A widening gap between Catholic youth and their spiritual leaders

Michael O’Loughlin, one of the bloggers at America:The National Catholic Weekly offers reflections and useful links on the widening gap between Catholic laity in America, especially young people, and their spiritual leaders and teachers, especially on homosexuality. His suggestion:

Despite the campaigns, statements, and preaching, lay Catholics lead the nation in support of gay rights. At some point, something has to give. Will the church change its stance on homosexuality? Of course not. Catholicism is the largest denomination in the US, but it is still a tiny sliver of the global church, and attitudes elsewhere, especially in the growing hotspots of global Catholicism, remain rigidly conservative. But church leaders may want to reconsider where they focus their limited time, energy, and resources. The battle for gay rights in this nation increasingly looks like it will be won-eventually-by those who support them. The church can continue to be a vocal minority in opposition to change, alienating the many people who increasingly know, love, and accept gay family members and friends. Or, it can refocus its efforts to highlight the love of God that animates a nourishing, life-giving, freeing faith, and attempt to reach those who need this love most: those who feel marginalized by the church now.

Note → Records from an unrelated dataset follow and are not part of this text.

(* Let $n\ge1$, $0=b_0<b_1<\dots<b_n<b_{n+1}=1$, $h_i=b_{i+1}-b_i$ ($i=0,\dots,n$), $h_{\min}=\min_{0\le i\le n}h_i$, $\tilde h_i=\min\{h_{i-1},h_i\}$ ($i=1,\dots,n$). Let $w\in C(I)$, $I=(0,1)$, with $0\le w_0\le w(x)$ for all $x\in I$. Then for all $\boldsymbol\alpha=(\alpha_0,\dots,\alpha_n)^T\in\mathbb{R}^{n+1}$, $\boldsymbol\beta=(\beta_1,\dots,\beta_n)^T\in\mathbb{R}^n$: $$(\boldsymbol\alpha^T,\boldsymbol\beta^T)\,\mathbb{H}_\Sigma(w)\begin{pmatrix}\boldsymbol\alpha\\ \boldsymbol\beta\end{pmatrix}\ \ge\ \frac{w_0h_{\min}^3}{96}|\boldsymbol\alpha|^2+\frac{w_0}{24}\sum_{i=1}^n\tilde h_i\beta_i^2,$$ and, if $w_0>0$, then for every $\tau\in(0,1]$, $$(\boldsymbol\alpha^T,\boldsymbol\beta^T)\,\mathbb{H}_\Lambda(w)\begin{pmatrix}\boldsymbol\alpha\\ \boldsymbol\beta\end{pmatrix}\ \ge\ \frac{w_0(1-\tau)h_{\min}}{4}|\boldsymbol\alpha|^2-\frac{1}{2\tau w_0}\sum_{i=1}^n w(b_i)^2\big(h_{i-1}^{-1}+h_i^{-1}\big)\beta_i^2,$$ where $|\boldsymbol\alpha|$ is the Euclidean norm.
   Context: $\sigma(t)=\max\{0,t\}$; $H(t)=1$ for $t>0$, $H(0)=1/2$, $H(t)=0$ for $t<0$. Set $\sigma_i(x)=\sigma(x-b_i)$, $H_i(x)=H(x-b_i)$. $\mathbb{H}_\Sigma(w)$ is the symmetric $(2n+1)\times(2n+1)$ matrix with blocks: upper-left $(\int_0^1 w\,\sigma_i\sigma_j\,dx)_{i,j=0}^n$, upper-right $(-\int_0^1 w\,\sigma_iH_j\,dx)_{i=0..n,\,j=1..n}$, lower-left its transpose, lower-right $(\int_0^1 w\,H_iH_j\,dx)_{i,j=1}^n$. $\mathbb{H}_\Lambda(w)$ is the symmetric $(2n+1)\times(2n+1)$ matrix with blocks: upper-left $(\int_0^1 w\,H_iH_j\,dx)_{i,j=0}^n$, upper-right $K=(K_{ij})_{i=0..n,\,j=1..n}$ with $K_{ij}=-w(b_j)H(b_j-b_i)$ (i.e. the formal integral $-\int_0^1 w(x)H_i(x)\delta(x-b_j)dx$), lower-left $K^T$, lower-right the zero $n\times n$ matrix. *)

From HB Require Import structures.
From mathcomp Require Import all_boot all_order all_algebra.
From mathcomp Require Import all_classical all_reals all_analysis.
Set Implicit Arguments. Unset Strict Implicit. Unset Printing Implicit Defensive.
Import Order.TTheory GRing.Theory Num.Theory.
Import numFieldNormedType.Exports.
Local Open Scope classical_set_scope.
Local Open Scope ring_scope.

Section Defs.
Variable R : realType.

Definition relu (t : R) : R := Num.max 0 t.
Definition heav (t : R) : R := if 0 < t then 1 else if t == 0 then 1 / 2 else 0.

Definition I01 (f : R -> R) : R :=
  Rintegral (@lebesgue_measure R) `]0%R, 1%R[ f.

(* b : nat -> R gives the breakpoints b_0, ..., b_{n+1} *)
Definition HSigma (n : nat) (b : nat -> R) (w : R -> R) : 'M[R]_(n.+1 + n) :=
  block_mx
    (\matrix_(i < n.+1, j < n.+1)
        I01 (fun x => w x * relu (x - b i) * relu (x - b j)))
    (\matrix_(i < n.+1, j < n)
        - I01 (fun x => w x * relu (x - b i) * heav (x - b j.+1)))
    (\matrix_(i < n, j < n.+1)
        - I01 (fun x => w x * relu (x - b j) * heav (x - b i.+1)))
    (\matrix_(i < n, j < n)
        I01 (fun x => w x * heav (x - b i.+1) * heav (x - b j.+1))).

Definition HLambda (n : nat) (b : nat -> R) (w : R -> R) : 'M[R]_(n.+1 + n) :=
  block_mx
    (\matrix_(i < n.+1, j < n.+1)
        I01 (fun x => w x * heav (x - b i) * heav (x - b j)))
    (\matrix_(i < n.+1, j < n)
        - (w (b j.+1) * heav (b j.+1 - b i)))
    (\matrix_(i < n, j < n.+1)
        - (w (b i.+1) * heav (b i.+1 - b j)))
    0.

Definition qform (n : nat) (M : 'M[R]_(n.+1 + n))
    (alpha : 'rV[R]_n.+1) (beta : 'rV[R]_n) : R :=
  let v := row_mx alpha beta in (v *m M *m v^T) 0 0.

Definition hh (b : nat -> R) (i : nat) : R := b i.+1 - b i.

Definition hmin (n : nat) (b : nat -> R) : R :=
  \big[Num.min/hh b 0]_(i < n.+1) hh b i.

Definition htil (b : nat -> R) (i : nat) : R := Num.min (hh b i.-1) (hh b i).

End Defs.

From HB Require Import structures.
From mathcomp Require Import all_boot all_order all_algebra.
From mathcomp Require Import all_classical all_reals all_analysis.
From mathcomp Require Import measurable_realfun ring lra.
Import Order.TTheory GRing.Theory Num.Theory.
Import numFieldNormedType.Exports.
Local Open Scope classical_set_scope.
Local Open Scope ring_scope.

(* Let u = sum_i alpha_i sigma_i - sum_j beta_j H_j.  On the k-th piece (b_k, b_{k+1}), u is
   affine with slope c_k = alpha_0 + ... + alpha_k, left value U_k and right value
   V_k = U_k + c_k h_k, and beta_j = V_j - U_{j+1} is the jump of u at b_{j+1}.  As H_Sigma(w)
   is the Gram matrix of (sigma_0, ..., sigma_n, -H_1, ..., -H_n) for the weight w, its form
   is the integral of w u^2, at least w_0 times the sum over the pieces of the integral of u^2,
   and each of these dominates h_k (U_k^2 + V_k^2) / 12 + h_k^3 c_k^2 / 24: the first part
   controls the jumps beta_j, the second |alpha|^2 <= 4 sum_k c_k^2.
   For H_Lambda(w), v = sum_i alpha_i H_i equals c_k on the k-th piece and (c_j + c_{j+1}) / 2
   at b_{j+1}, so the form is the integral of w v^2 minus sum_j beta_j w(b_{j+1}) (c_j + c_{j+1});
   AM-GM with weight tau w_0 h_k absorbs the coupling into a tau-fraction of
   w_0 sum_k h_k c_k^2 >= w_0 h_min |alpha|^2 / 4. *)

Set Implicit Arguments.
Unset Strict Implicit.
Unset Printing Implicit Defensive.

Local Notation mu := (@lebesgue_measure _).

Section real_inequalities.
Context {R : realFieldType}.

Lemma big_ord_trunc (m k : nat) (F : nat -> R) : (k <= m)%N ->
  (forall i, (k <= i < m)%N -> F i = 0) -> \sum_(i < m) F i = \sum_(i < k) F i.
Proof.
move=> km F0; rewrite (big_ord_widen m F km) [RHS]big_mkcond /=.
by apply: eq_bigr => i _; case: ltnP => // ki; rewrite F0 // ki ltn_ord.
Qed.

Lemma sum_shift_le (n : nat) (F G : nat -> R) :
  (forall k, (k <= n)%N -> 0 <= F k) -> (forall k, (k <= n)%N -> 0 <= G k) ->
  \sum_(j < n) (F j + G j.+1) <= \sum_(k < n.+1) (F k + G k).
Proof.
move=> F0 G0; rewrite !big_split /= big_ord_recr [X in _ <= _ + X]big_ord_recl /=.
by apply: lerD; [rewrite lerDl F0 | rewrite /bump /= lerDr G0].
Qed.

Lemma mul_le_AMGM (e x y : R) : 0 < e -> x * y <= e / 2 * x ^+ 2 + y ^+ 2 / (2 * e).
Proof.
move=> e0; rewrite -subr_ge0.
have -> : e / 2 * x ^+ 2 + y ^+ 2 / (2 * e) - x * y = (e * x - y) ^+ 2 / (2 * e).
  by field; rewrite gt_eqF.
by rewrite divr_ge0 ?sqr_ge0// mulr_ge0// ltW.
Qed.

Lemma affine_energy_ge (h U s : R) : 0 <= h ->
  h * (U ^+ 2 + (U + s * h) ^+ 2) / 12 + h ^+ 3 * s ^+ 2 / 24
  <= h * U ^+ 2 + U * s * h ^+ 2 + s ^+ 2 * h ^+ 3 / 3.
Proof.
move=> h0; rewrite -subr_ge0.
have -> : h * U ^+ 2 + U * s * h ^+ 2 + s ^+ 2 * h ^+ 3 / 3 -
    (h * (U ^+ 2 + (U + s * h) ^+ 2) / 12 + h ^+ 3 * s ^+ 2 / 24) =
    5 * h * (2 * U + s * h) ^+ 2 / 24 by field.
by have := sqr_ge0 (2 * U + s * h); nra.
Qed.

Lemma jump_sqr_le (h h' V U : R) : 0 <= h -> 0 <= h' ->
  Num.min h h' * (V - U) ^+ 2 <= 2 * (h * V ^+ 2) + 2 * (h' * U ^+ 2).
Proof.
move=> h0 h'0; have hm0 : 0 <= Num.min h h' by rewrite le_min h0.
have : Num.min h h' * (V - U) ^+ 2 <= Num.min h h' * (2 * V ^+ 2 + 2 * U ^+ 2).
  by rewrite ler_wpM2l//; have := sqr_ge0 (V + U); lra.
have min_h : Num.min h h' <= h by rewrite ge_min lexx.
have min_h' : Num.min h h' <= h' by rewrite ge_min lexx orbT.
have := ler_wpM2r (sqr_ge0 V) min_h; have := ler_wpM2r (sqr_ge0 U) min_h'.
lra.
Qed.

Lemma cross_term_le (e h h' x x' y : R) : 0 < e -> 0 < h -> 0 < h' ->
  y * (x + x') <= e / 2 * (h * x ^+ 2 + h' * x' ^+ 2) + y ^+ 2 / (2 * e) * (h^-1 + h'^-1).
Proof.
move=> e0 h0 h'0.
have := mul_le_AMGM x y (mulr_gt0 e0 h0); have := mul_le_AMGM x' y (mulr_gt0 e0 h'0).
have -> : y ^+ 2 / (2 * (e * h)) = y ^+ 2 / (2 * e) * h^-1 by field; rewrite !gt_eqF.
have -> : y ^+ 2 / (2 * (e * h')) = y ^+ 2 / (2 * e) * h'^-1 by field; rewrite !gt_eqF.
move=> *; rewrite mulrDr mulrDr; nra.
Qed.

End real_inequalities.

Section increasing_sequence.
Context {R : realType}.
Variables (b : nat -> R) (m : nat).
Hypothesis b_incr : forall k, (k < m)%N -> b k < b k.+1.

Lemma incr_seq_lt i j : (i < j)%N -> (j <= m)%N -> b i < b j.
Proof.
move=> ij jm.
apply: (homo_ltn_in (D := [pred k | (k <= m)%N]) (r := fun x y => x < y)) => //.
- exact: lt_trans.
- by move=> ? ? _ /= jm' ? /andP[_ /ltnW /leq_trans]; apply.
- by move=> k _ /= km; apply: b_incr.
- by rewrite inE /= (leq_trans (ltnW ij)).
Qed.

Lemma incr_seq_le i j : (i <= j)%N -> (j <= m)%N -> b i <= b j.
Proof.
by rewrite leq_eqVlt => /predU1P[-> //|ij jm]; apply/ltW/incr_seq_lt.
Qed.

End increasing_sequence.

Section integration.
Context {R : realType}.
Implicit Types (itv : interval R) (f g w : R -> R).

Lemma integrable_mul_bounded itv w g (M : R) :
  mu.-integrable [set` itv] (EFin \o w) -> measurable_fun [set` itv] g ->
  (forall x, x \in itv -> `|g x| <= M) ->
  mu.-integrable [set` itv] (EFin \o (fun x => w x * g x)).
Proof.
move=> wi mg gM.
have gb : [bounded g x | x in [set` itv]].
  rewrite /bounded_near; near=> M' => x itv_x /=; apply: le_trans (gM x itv_x) _.
  by near: M'; apply: nbhs_pinfty_ge; rewrite num_real.
by apply: (eq_integrable _ _ _ _ (integrableMl _ wi mg gb)).
Unshelve. all: by end_near. Qed.

Lemma integrableZl_EFin itv (k : R) f : mu.-integrable [set` itv] (EFin \o f) ->
  mu.-integrable [set` itv] (EFin \o (fun x => k * f x)).
Proof. by move=> fi; apply: (eq_integrable _ _ _ _ (integrableZl _ k fi)). Qed.

Lemma integrable_sum_EFin itv (J : Type) (s : seq J) (f : J -> R -> R) :
  (forall j, mu.-integrable [set` itv] (EFin \o f j)) ->
  mu.-integrable [set` itv] (EFin \o (fun x => \sum_(j <- s) f j x)).
Proof.
move=> fi; apply: (eq_integrable _ _ _ _ (integrable_sum _ s (fun j _ => fi j))) => //.
by move=> x _; rewrite /= sumEFin.
Qed.

Lemma Rintegral_sum itv (J : Type) (s : seq J) (f : J -> R -> R) :
  (forall j, mu.-integrable [set` itv] (EFin \o f j)) ->
  \int[mu]_(x in [set` itv]) (\sum_(j <- s) f j x) =
  \sum_(j <- s) \int[mu]_(x in [set` itv]) f j x.
Proof.
move=> fi; elim: s => [|j s IH].
  by under eq_Rintegral do rewrite big_nil; rewrite big_nil Rintegral_cst// mul0r.
under eq_Rintegral do rewrite big_cons.
by rewrite RintegralD// ?IH ?big_cons//; exact: integrable_sum_EFin.
Qed.

Lemma RintegralN itv f : mu.-integrable [set` itv] (EFin \o f) ->
  \int[mu]_(x in [set` itv]) - f x = - \int[mu]_(x in [set` itv]) f x.
Proof.
move=> fi; rewrite -mulN1r -RintegralZl//.
by apply: eq_Rintegral => x _; rewrite mulN1r.
Qed.

Lemma Rintegral_itv_partition (b : nat -> R) (m : nat) g :
  (forall k, (k < m)%N -> b k < b k.+1) ->
  mu.-integrable `]b 0%N, b m[ (EFin \o g) ->
  \int[mu]_(x in `]b 0%N, b m[) g x =
  \sum_(k < m) \int[mu]_(x in `]b k, b k.+1[) g x.
Proof.
elim: m => [|m IH] b_incr gi.
  by rewrite big_ord0 set_itv_ge ?Rintegral_set0// bnd_simp ltxx.
have b0m := incr_seq_le b_incr (leq0n m) (leqnSn m).
have bm : b m < b m.+1 by exact: b_incr.
have gi' : mu.-integrable `]b 0%N, b m[ (EFin \o g).
  by apply: integrableS gi => //; apply: subset_itv; rewrite bnd_simp// ltW.
rewrite big_ord_recr /= -IH //; last by move=> k km; apply: b_incr; rewrite ltnS ltnW.
rewrite -(Rintegral_itvB (x := b m) gi) ?bnd_simp// (Rintegral_itv_bndo_bndc gi').
by rewrite addrC subrK.
Qed.

Lemma integrable_horner (l r : bool) (a c : R) (p : {poly R}) :
  mu.-integrable [set` Interval (BSide l a) (BSide r c)] (EFin \o horner p).
Proof.
apply: (@integrableS _ _ _ mu `[a, c]) => //.
  by apply: subset_itv; rewrite bnd_simp; case: l r => -[].
apply: continuous_compact_integrable; first exact: segment_compact.
by apply: continuous_subspaceT => x; exact: continuous_horner.
Qed.

Lemma Rintegral_deriv_poly (a c : R) (p : {poly R}) : a < c ->
  \int[mu]_(x in `]a, c[) (p^`()).[x] = p.[c] - p.[a].
Proof.
move=> ac; have p_cont : continuous (horner p) by move=> x; exact: continuous_horner.
rewrite Rintegral_itv_obnd_cbnd ?Rintegral_itv_bndo_bndc; try exact: integrable_horner.
rewrite /Rintegral (@continuous_FTC2 _ _ (horner p))//=.
- by apply: continuous_subspaceT => x; exact: continuous_horner.
- split; first by move=> x _; exact: derivable_horner.
  + exact: cvg_at_right_filter (p_cont a).
  + exact: cvg_at_left_filter (p_cont c).
- by move=> x _; rewrite -derivE.
Qed.

Lemma Rintegral_affine_sqr (a c U s : R) : a < c ->
  \int[mu]_(x in `]a, c[) (U + s * (x - a)) ^+ 2 =
  (c - a) * U ^+ 2 + U * s * (c - a) ^+ 2 + s ^+ 2 * (c - a) ^+ 3 / 3.
Proof.
move=> ac; pose G : {poly R} := 'X - a%:P.
pose p : {poly R} := U ^+ 2 *: G + (U * s) *: G ^+ 2 + (s ^+ 2 / 3) *: G ^+ 3.
have -> : (fun x => (U + s * (x - a)) ^+ 2) = fun x => (p^`()).[x].
  apply/funext => x.
  by rewrite /p /G !(derivD, derivN, derivZ, deriv_exp, derivX, derivC) !hornerE /=; field.
by rewrite Rintegral_deriv_poly// /p /G !hornerE /=; field.
Qed.

Lemma le_Rintegral_affine_sqr (a c w0 U s : R) g : a < c ->
  mu.-integrable `]a, c[ (EFin \o g) ->
  (forall x, a < x < c -> w0 * (U + s * (x - a)) ^+ 2 <= g x) ->
  w0 * ((c - a) * U ^+ 2 + U * s * (c - a) ^+ 2 + s ^+ 2 * (c - a) ^+ 3 / 3)
  <= \int[mu]_(x in `]a, c[) g x.
Proof.
move=> ac gi g_ge; pose q : {poly R} := (U%:P + s *: ('X - a%:P)) ^+ 2.
have qE x : q.[x] = (U + s * (x - a)) ^+ 2 by rewrite !hornerE.
rewrite -Rintegral_affine_sqr// -RintegralZl//; last first.
  by apply: (eq_integrable _ _ _ _ (integrable_horner false true a c q)) => // x _ /=; rewrite qE.
apply: le_Rintegral => //.
apply: (eq_integrable _ _ _ _ (integrable_horner false true a c (w0 *: q))) => // x _ /=.
by rewrite hornerZ qE.
Qed.

End integration.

One Response to A widening gap between Catholic youth and their spiritual leaders

  1. David says:

    How can the Church change God’s law? By what authority? To quote St. Augustine “Right is right, no matter even if everybody is against it. And wrong is wrong, even if everybody is for it.” So regardless of popular opinion, it is up to good Catholics to maintain what God has ordained.

    Another thing you may not know. We are to love the person, whether we love his sins or not. Every one of us is a sinner, so we all have something for people not to approve of. And our job is not to shame people into submitting to the church, it’s to open their hearts to God. But we are to treat all persons with dignity.